**WHAT IS EXPECTED:**
Using the records below, count the lines with "possibly" in them. Give the number only.

**SUPPLIED ENTRIES:**
+-------+

Lemma simplex_radius_gap i j : (i < N.+1)%N -> (j < N.+1)%N -> i != j ->
  (simplex_radius i ^ 2 + simplex_radius j ^ 2 <= simplex_gap i j ^ 2)%N.
Proof.
wlog i_lt : i j / (i < N)%N.
  move=> wlog hi hj hij; have [|i_ge] := ltnP i N; first by move=> ?; apply: wlog.
  have j_lt : (j < N)%N by move: hij; rewrite neq_ltn; lia.
  by rewrite addnC /simplex_gap edistC wlog // eq_sym.
move=> _ _ hij.
have s_ge1 : 1 <= s by rewrite ler1n.
have N_eq : N%:R = s - 1 by rewrite /s -natr1 addrK.
have T_large : 12 * T * s + 3 <= 2 * T ^+ 2.
  rewrite -subr_ge0 (_ : _ - _ = 4 * T - 3); first by rewrite /T; lra.
  by rewrite /T; ring.
have le_B E : E <= 4 * s ^+ 2 -> T ^+ 2 * E <= (2 * T * s) ^+ 2.
  move=> hE; rewrite (_ : (2 * T * s) ^+ 2 = T ^+ 2 * (4 * s ^+ 2)); last by ring.
  by rewrite ler_wpM2l ?sqr_ge0.
have B_ge0 : 0 <= 2 * T * s by rewrite /T; nra.
apply: (truncn_succ_sqr_add_le (B := 2 * T * s)); rewrite ?edist_ge0 /=.
- apply: edist_le B_ge0 _; rewrite sqdist_simplex_centre; apply: le_B.
  by rewrite i_lt /= N_eq; nra.
- apply: edist_le B_ge0 _; rewrite sqdist_simplex_centre; apply: le_B.
  by rewrite N_eq; case: (j < N)%N => /=; nra.
- apply: edist_le B_ge0 _; rewrite sqdist_simplex_vertex // -mulrA; apply: le_B.
  by rewrite i_lt; case: (j < N)%N => /=; nra.
have : 0 <= T ^+ 2 * s by rewrite mulr_ge0 ?sqr_ge0 // (le_trans ler01).
rewrite !sqr_edist !sqdist_simplex_centre sqdist_simplex_vertex // i_lt N_eq.
by case: (j < N)%N => /=; nra.
Qed.

End Simplex.
(* For every $d>0$ there is a constant $c(d)>0$ such that for every $q\in(0,1/2)$ and every integer $r>2$ with $2^r\le d/q$, $$T_{\rm rel}(\ell_r)\le q^{-c(d)}\frac{r!}{q^r2^{\binom r2}},$$ where $\ell_1=3$ and $\ell_i=2\ell_{i-1}-\lceil\ell_{i-1}/r\rceil$ for $2\le i\le r$.
   Context: Fix $q\in(0,1/2)$, $p=1-q$. $T_{\rm rel}(L)$ is the relaxation time (inverse spectral gap) of the East process on $\{1,\dots,L\}$: the Markov chain on $\{0,1\}^{\{1,\dots,L\}}$ with generator $\mathcal L f(\sigma)=\sum_{x}c_x(\sigma)[\pi_x(f)-f](\sigma)$, $c_1\equiv1$, $c_x(\sigma)=1-\sigma_{x-1}$ ($x\ge2$), $\pi_x(f)$ the average over $\sigma_x\sim$ Bernoulli$(p)$ (value $1$ w.p. $p$). *)

From Stdlib Require Import Reals List Arith.
Import ListNotations.
Open Scope R_scope.

(* A configuration of the East process on {1,...,L} is a list of booleans of
   length L; site x (1 <= x <= L) is the entry at index x-1; true = 1. *)
Definition site (s : list bool) (x : nat) : bool := nth (x - 1) s false.

Fixpoint set_nth_b (s : list bool) (i : nat) (b : bool) : list bool :=
  match s, i with
  | [], _ => []
  | _ :: t, O => b :: t
  | a :: t, S j => a :: set_nth_b t j b
  end.
Definition set_site (s : list bool) (x : nat) (b : bool) : list bool :=
  set_nth_b s (x - 1) b.

Fixpoint configs (L : nat) : list (list bool) :=
  match L with
  | O => [[]]
  | S L' => flat_map (fun s => [true :: s; false :: s]) (configs L')
  end.

(* product Bernoulli(p) measure, p = 1 - q, weight of a configuration *)
Fixpoint weight (q : R) (s : list bool) : R :=
  match s with
  | [] => 1
  | b :: t => (if b then 1 - q else q) * weight q t
  end.

Definition mu (q : R) (L : nat) (f : list bool -> R) : R :=
  fold_right Rplus 0 (map (fun s => weight q s * f s) (configs L)).

Definition Var (q : R) (L : nat) (f : list bool -> R) : R :=
  mu q L (fun s => f s * f s) - mu q L f * mu q L f.

Definition constr (s : list bool) (x : nat) : R :=
  match x with
  | O | S O => 1
  | S (S _ as y) => if site s y then 0 else 1
  end.

Definition pi_x (q : R) (x : nat) (f : list bool -> R) (s : list bool) : R :=
  (1 - q) * f (set_site s x true) + q * f (set_site s x false).

Definition gen (q : R) (L : nat) (f : list bool -> R) (s : list bool) : R :=
  fold_right Rplus 0
    (map (fun x => constr s x * (pi_x q x f s - f s)) (seq 1 L)).

Definition Dir (q : R) (L : nat) (f : list bool -> R) : R :=
  - mu q L (fun s => f s * gen q L f s).

Definition is_glb (E : R -> Prop) (m : R) : Prop :=
  (forall x, E x -> m <= x) /\ (forall b, (forall x, E x -> b <= x) -> b <= m).

Definition is_spectral_gap (q : R) (L : nat) (g : R) : Prop :=
  is_glb (fun t => exists f : list bool -> R,
            Var q L f <> 0 /\ t = Dir q L f / Var q L f) g.

(* ell r i = \ell_i for 1 <= i:  ell_1 = 3,
   ell_i = 2 ell_{i-1} - ceil(ell_{i-1} / r) *)
Fixpoint ell (r i : nat) : nat :=
  match i with
  | O | S O => 3
  | S (S _ as j) =>
      let a := ell r j in (2 * a - (a + r - 1) / r)%nat
  end.
(* Let $L$ be a semiprime right Leibniz algebra and let $Q(L)$ be the Leibniz algebra of equivalence classes of partial derivations on essential ideals described in the context, with $L$ embedded via $\varphi(x)=(R_x)_L$. Then $Q(L)$ is semiprime and is an algebra of quotients of $L$ (i.e., of $\varphi(L)$). Moreover, $Q(L)$ is maximal among the algebras of quotients of $L$: if $S$ is an algebra of quotients of $L$, then the map $\psi:S\to Q(L)$, $s\mapsto (R_s)_{(L:s)}$ (where $R_s(x)=[x,s]$ for $x\in(L:s)$) is a monomorphism which is the identity when restricted to $L$ (i.e., $\psi(x)=\varphi(x)$ for $x\in L$).
   Context: A right Leibniz algebra satisfies $[x,[y,z]]=[[x,y],z]-[[x,z],y]$. Ideals are subspaces $I$ with $[I,L]\subseteq I$, $[L,I]\subseteq I$; $I^2$ is the span of $[x,y]$, $x,y\in I$. $L$ is semiprime if $[I,I]\ne\{0\}$ for every nonzero ideal $I$. An ideal is essential if it meets every nonzero ideal nontrivially; $\mathscr{J}_e(L)$ denotes the set of essential ideals. $\mathrm{PDer}(I,L)$ is the set of linear maps $\delta:I\to L$ with $\delta([x,y])=[\delta(x),y]+[x,\delta(y)]$. $Q(L)$ is the set of pairs $(\delta,I)$, $I\in\mathscr{J}_e(L)$, $\delta\in\mathrm{PDer}(I,L)$, modulo $(\delta,I)\equiv(\mu,J)$ iff $\delta,\mu$ agree on some $K\in\mathscr{J}_e(L)$ with $K\subseteq I\cap J$; the class is written $\delta_I$, with operations $p\delta_I=(p\delta)_I$, $(p\delta)(y)=\delta(py)$, $\delta_I+\mu_J=(\delta+\mu)_{I\cap J}$, $[\delta_I,\mu_J]=[\delta,\mu]_{(I\cap J)^2}$ with $[\delta,\mu](x)=\mu\delta(x)-\delta\mu(x)$; $\varphi(x)=(R_x)_L$ with $R_x(y)=[y,x]$. For a Leibniz algebra $S$ containing $L$ as subalgebra and $s\in S$: for $x\in L$ let $R_x,L_x$ act on $S$ by $R_x(u)=[u,x]$, $L_x(u)=[x,u]$, $\mathscr{A}(L)$ the associative algebra generated by them, ${}_L(s)=\mathbb{F}s+\{\sum\xi_i(s):\xi_i\in\mathscr{A}(L)\}$, $(L:s)=\{x\in L:[x,{}_L(s)]\subseteq L,[{}_L(s),x]\subseteq L\}$. $S$ is an algebra of quotients of $L$ if for all $p,q\in S$, $p\ne0$, there is $x\in(L:q)$ with $[x,p]\ne0$ or $y\in(L:q)$ with $[p,y]\ne0$. *)

From mathcomp Require Import all_boot all_algebra.
From Stdlib Require Import ClassicalEpsilon.
Set Implicit Arguments. Unset Strict Implicit. Unset Printing Implicit Defensive.
Import GRing.Theory.
Local Open Scope ring_scope.

Record leibniz (F : fieldType) := Leibniz {
  lsort :> lmodType F;
  lbr : lsort -> lsort -> lsort;
  lbrDl : forall a x y z, lbr (a *: x + y) z = a *: lbr x z + lbr y z;
  lbrDr : forall a x y z, lbr z (a *: x + y) = a *: lbr z x + lbr z y;
  lbr_leibniz : forall x y z,
      lbr x (lbr y z) = lbr (lbr x y) z - lbr (lbr x z) y }.
Arguments lbr {F L} : rename.

(* A "bracket space": a carrier with a domain predicate, an equality
   (possibly a setoid equivalence, used for Q(L) whose elements are
   equivalence classes), and the vector-space/bracket operations.
   Leibniz algebras are bracket spaces with full domain and Leibniz
   equality; Q(L) is the bracket space of valid representatives modulo
   the equivalence of the paper. *)
Record bspace (F : fieldType) := BSpace {
  bsort :> Type;
  bdom : bsort -> Prop;
  beq : bsort -> bsort -> Prop;
  bzero : bsort;
  badd : bsort -> bsort -> bsort;
  bscale : F -> bsort -> bsort;
  bbr : bsort -> bsort -> bsort }.
Arguments bdom {F B} : rename.
Arguments beq {F B} : rename.
Arguments bzero {F} B : rename.
Arguments badd {F B} : rename.
Arguments bscale {F B} : rename.
Arguments bbr {F B} : rename.

Section Generic.
Variables (F : fieldType) (B : bspace F).
(* Let $\mathbf{x}\in\mathbb{R}^{3n}$ be a pose whose points are not all collinear, and let $F:\mathbb{R}\times\mathbb{R}^{3n}\to\mathbb{R}^{3n}$ be any map with $F(0,\mathbf{x})=\mathbf{x}$ and $t\mapsto F(t,\mathbf{x})$ differentiable at $t=0$. Define $\mathbf{x}(t):=\mathrm{RMSDAlign}(\mathbf{x},F(t,\mathbf{x}))$ and assume $\mathbf{x}(0)=\mathbf{x}$ and that the aligning rotation and translation are differentiable at $t=0$. Then $\frac{d}{dt}\frac1n\sum_i\mathbf{x}_i(t)\big|_{t=0}=0$ and $\sum_i(\mathbf{x}_i-\bar{\mathbf{x}})\times\frac{d}{dt}\mathbf{x}_i(t)\big|_{t=0}=0$, where $\bar{\mathbf{x}}=\frac1n\sum_i\mathbf{x}_i$.
   Context: $\mathrm{RMSD}(\mathbf{x},\mathbf{x}')=\big(\frac1n\sum_i\|\mathbf{x}_i-\mathbf{x}'_i\|^2\big)^{1/2}$ for $\mathbf{x},\mathbf{x}'\in\mathbb{R}^{3n}$ (viewed as $n$ points in $\mathbb{R}^3$). $\mathrm{RMSDAlign}(\mathbf{x},\mathbf{x}')=\operatorname{argmin}_{\mathbf{x}^\dagger\in\{g\mathbf{x}'\mid g\in SE(3)\}}\mathrm{RMSD}(\mathbf{x},\mathbf{x}^\dagger)$, where $SE(3)$ acts on each point. *)

(* R : realType, poses are n x 3 matrices (row i = point i). *)
From HB Require Import structures.
From mathcomp Require Import all_boot all_order all_algebra.
From mathcomp Require Import all_classical all_reals all_analysis.
Set Implicit Arguments. Unset Strict Implicit. Unset Printing Implicit Defensive.
Import Order.TTheory GRing.Theory Num.Theory.
Import numFieldNormedType.Exports.
Local Open Scope ring_scope.

Section Defs.
Variable R : realType.

Definition pt (n : nat) (x : 'M[R]_(n,3)) (i : 'I_n) : 'rV[R]_3 := row i x.

Definition sqnorm (v : 'rV[R]_3) : R := \sum_(j < 3) v ord0 j ^+ 2.

Definition RMSD (n : nat) (x x' : 'M[R]_(n,3)) : R :=
  Num.sqrt (n%:R^-1 * \sum_(i < n) sqnorm (pt x i - pt x' i)).

Definition is_rotation (Q : 'M[R]_3) : Prop := Q^T *m Q = 1%:M /\ \det Q = 1.

(* action of the rigid motion (Q, T) in SE(3) on each point: x_i |-> x_i Q + T
   (row-vector convention) *)
Definition se3_act (n : nat) (Q : 'M[R]_3) (T : 'rV[R]_3) (x : 'M[R]_(n,3))
  : 'M[R]_(n,3) := x *m Q + \matrix_(i < n, j < 3) T ord0 j.
(* Let $\Theta$ be a causal theory over $\mathfrak L$, let $\phi,\psi\in\mathfrak L$, and let $\Theta'=\Theta\cup\{\phi\triangleright\psi\}$. Write $\Box$ for the modal operator and $\vdash_\Box$ for derivability in $\mathbf S_\Theta$ (language $\mathcal L_\Box$), and $\Box'$, $\vdash_{\Box'}$ for the corresponding operator and derivability in $\mathbf S_{\Theta'}$ (language $\mathcal L_{\Box'}$). Define $\alpha:\mathcal L_{\Box'}\to\mathcal L_\Box$ by $\alpha(a)=a$ for atoms, $\alpha$ commuting with $\neg,\wedge,\vee,\to$ (and fixing $\top,\perp$), and $\alpha(\Box' p)=(\phi\wedge\Box(\psi\to\alpha(p)))\vee\Box\alpha(p)$. Then for all $\Gamma,\Delta\subseteq\mathcal L_{\Box'}$, $\Gamma\vdash_{\Box'}\Delta$ is derivable in $\mathbf S_{\Theta'}$ if and only if $\alpha(\Gamma)\vdash_\Box\alpha(\Delta)$ is derivable in $\mathbf S_\Theta$.
   Context: $\mathfrak L$ is a classical propositional language. A causal rule is $\phi\triangleright\psi$ with $\phi,\psi\in\mathfrak L$; a causal theory $\Theta$ is a set of causal rules. For a causal theory $\Theta$, the language $\mathcal L_\Box$ is generated by $\mathfrak L$ and a unary operator $\Box$ (associated with $\Theta$). The sequent calculus $\mathbf S_\Theta$ derives sequents $\Gamma\vdash_\Box\Delta$ (collections possibly infinite; derivations well-founded, possibly infinitely branching) via: axiom $p\vdash_\Box p$; $\perp\vdash_\Box$; $\vdash_\Box\top$; weakening and contraction on both sides; classical two-sided LK rules for $\neg,\wedge,\vee,\to$ with shared contexts; $\Box$R: if $\phi_1\triangleright\psi_1,\dots,\phi_k\triangleright\psi_k\in\Theta$ and $\psi_1,\dots,\psi_k\vdash_\Box p$ is derivable, from $\Gamma\vdash_\Box\phi_1\wedge\dots\wedge\phi_k,\Delta$ infer $\Gamma\vdash_\Box\Box p,\Delta$ (empty conjunction $=\top$); $\Box$L: letting $\{S_j\}_{j\in J}$ be all finite $S_j\subseteq\Theta$ with $\{\psi:\phi\triangleright\psi\in S_j\}\vdash_\Box p$ derivable, from $\Gamma,\{\phi:\phi\triangleright\psi\in S_j\}\vdash_\Box\Delta$ for all $j\in J$ infer $\Gamma,\Box p\vdash_\Box\Delta$; multicut: from $\Gamma\vdash_\Box p^m,\Delta$ and $\Gamma',p^n\vdash_\Box\Delta'$ ($m,n>0$) infer $\Gamma,\Gamma'\vdash_\Box\Delta,\Delta'$. The calculus $\mathbf S_{\Theta'}$ is defined identically with $\Theta'$ and a new operator $\Box'$ in place of $\Theta$ and $\Box$. *)

From Stdlib Require Import List Arith.
Import ListNotations.
Set Implicit Arguments.

Section Syntax.
Variable A : Type.

Inductive pform : Type :=
| PAtom : A -> pform
| PTop : pform
| PBot : pform
| PNeg : pform -> pform
| PAnd : pform -> pform -> pform
| POr  : pform -> pform -> pform
| PImp : pform -> pform -> pform.

(* The modal language L_Box (one box operator; the operator's meaning is
   given by the causal theory the calculus is parameterised by) *)
Inductive form : Type :=
| Atom : A -> form
| Top : form
| Bot : form
| Neg : form -> form
| And : form -> form -> form
| Or  : form -> form -> form
| Imp : form -> form -> form
| Box : form -> form.

Fixpoint emb (f : pform) : form :=
  match f with
  | PAtom a => Atom a
  | PTop => Top
  | PBot => Bot
  | PNeg p => Neg (emb p)
  | PAnd p q => And (emb p) (emb q)
  | POr p q => Or (emb p) (emb q)
  | PImp p q => Imp (emb p) (emb q)
  end.

Fixpoint mdepth (f : form) : nat :=
  match f with
  | Atom _ | Top | Bot => 0
  | Neg p => mdepth p
  | And p q | Or p q | Imp p q => Nat.max (mdepth p) (mdepth q)
  | Box p => S (mdepth p)
  end.

(* causal rule phi |> psi as a pair (phi, psi); causal theory = set of rules *)
Definition crule : Type := (pform * pform)%type.
Definition ctheory : Type := crule -> Prop.

Fixpoint bigconj (l : list pform) : pform :=
  match l with
  | [] => PTop
  | [x] => x
  | x :: xs => PAnd x (bigconj xs)
  end.

Definition fset : Type := form -> Prop.
Definition empty : fset := fun _ => False.
Definition sing (x : form) : fset := fun y => y = x.
Definition add (G : fset) (x : form) : fset := fun y => G y \/ y = x.
Definition union (G H : fset) : fset := fun y => G y \/ H y.
Definition subset (G H : fset) : Prop := forall y, G y -> H y.
Definition lset (l : list pform) : fset := fun y => exists f, In f l /\ y = emb f.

+-------+

**YOUR SOLUTION:**
2